(Information supplied begins)
(* Let $X$ be finite, $\mathcal{X}_{lim}\subseteq\mathcal{X}^2$, and let $p$ be an observed random joint choice rule on $\mathcal{X}_{lim}$. The following are equivalent: (1) $p$ has a consumption dependent random utility representation on $\mathcal{X}_{lim}$; (2) there exists a vector $r\ge0$ with $rE=p$; (3) there exists a function $q$, indexed by all $(x,y,A,B)$ with $A,B\in\mathcal{X}$, $(x,y)\in A\times B$, satisfying: (a) $\sum_{A\subseteq A'\subseteq X}\sum_{B\subseteq B'\subseteq X}q(x,y,A',B')=p(x,y,A,B)$ for all $A\times B\in\mathcal{X}_{lim}$ and $(x,y)\in A\times B$; (b) $\sum_{y\in B}q(x,y,A,B)=\sum_{z\in X\setminus B}q(x,z,A,B\cup\{z\})$ for all $A\in\mathcal{X}$, all nonempty $B\subsetneq X$, and all $x\in A$; (c) $q(x,y,A,B)\ge0$ for all $A,B\in\mathcal{X}$, $(x,y)\in A\times B$; (d) $\sum_{x\in A}\sum_{y\in X}q(x,y,A,X)=\sum_{z\in X\setminus A}\sum_{y\in X}q(z,y,A\cup\{z\},X)$ for all $A\in\mathcal{X}$ with $A\ne X$; (e) $\sum_{x\in X}\sum_{y\in X}q(x,y,X,X)=1$.
   Context: $X$ is finite, $\mathcal{X}$ the nonempty subsets of $X$, $\mathcal{L}(X)$ the linear orders on $X$, $M(\succ,A)$ the $\succ$-maximal element of $A$, $N(x,A)=\{\succ: x\succ y\ \forall y\in A\setminus\{x\}\}$. An observed random joint choice rule on $\mathcal{X}_{lim}$ assigns to each $A\times B\in\mathcal{X}_{lim}$ and $(x,y)\in A\times B$ a number $p(x,y,A,B)\ge0$ with $\sum_{x\in A}\sum_{y\in B}p(x,y,A,B)=1$; view $p$ as a vector indexed by such $(x,y,A,B)$. It has a consumption dependent random utility representation if there exist $\nu\in\Delta(\mathcal{L}(X))$ and a transition function $t:X\times\mathcal{L}(X)\to\Delta(\mathcal{L}(X))$ (with $t_{\succ'}(x,\succ)$ the probability of $\succ'$) such that $p(x,y,A,B)=\sum_{\succ\in N(x,A)}\sum_{\succ'\in N(y,B)}\nu(\succ)t_{\succ'}(x,\succ)$ for all $A\times B\in\mathcal{X}_{lim}$, $(x,y)\in A\times B$. The matrix $E$ has rows indexed by tuples $(\succ,(\succ_z)_{z\in X})\in\mathcal{L}(X)^{|X|+1}$ and columns indexed by $(x,y,A,B)$ with $A\times B\in\mathcal{X}_{lim}$, $(x,y)\in A\times B$; its entry is $1$ if $x=M(\succ,A)$ and $y=M(\succ_x,B)$, and $0$ otherwise. *)

From HB Require Import structures.
From mathcomp Require Import all_boot all_order all_algebra.
From mathcomp Require Import reals.
Set Implicit Arguments. Unset Strict Implicit. Unset Printing Implicit Defensive.
Import Order.TTheory GRing.Theory Num.Theory.
Local Open Scope ring_scope.

Section Defs.
Variable X : finType.

(* A (strict) linear order on X, as a boolean relation encoded by a finite
   function on pairs: [rel x y | r (x,y)] means x ≻ y. *)
Definition is_slo (r : {ffun X * X -> bool}) : bool :=
  [&& [forall x, ~~ r (x, x)],
      [forall x, forall y, forall z, r (x, y) ==> r (y, z) ==> r (x, z)] &
      [forall x, forall y, (x != y) ==> r (x, y) || r (y, x)]].

Definition LO := {r : {ffun X * X -> bool} | is_slo r}.

Definition lo_rel (o : LO) (x y : X) : bool := (val o) (x, y).

Definition inN (o : LO) (x : X) (A : {set X}) : bool :=
  [forall y in A, (y != x) ==> lo_rel o x y].

Definition isMax (o : LO) (A : {set X}) (x : X) : bool :=
  (x \in A) && inN o x A.

(* Rows of E: tuples (o, (o_z)_{z in X}) in L(X)^{|X|+1}. *)
Definition Row := (LO * {ffun X -> LO})%type.

Definition Eentry (R : realType) (w : Row) (x y : X) (A B : {set X}) : R :=
  if isMax w.1 A x && isMax (w.2 x) B y then 1 else 0.

Variable R : realType.
Variable Xlim : {set {set X} * {set X}}.
Variable p : X -> X -> {set X} -> {set X} -> R.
(Information supplied ends)
Task to complete: Please go through the entries and show every line with the word "Import".

Written solution:
From HB Require Import structures.
From mathcomp Require Import all_boot all_order all_algebra.
From mathcomp Require Import reals.
Import Order.TTheory GRing.Theory Num.Theory.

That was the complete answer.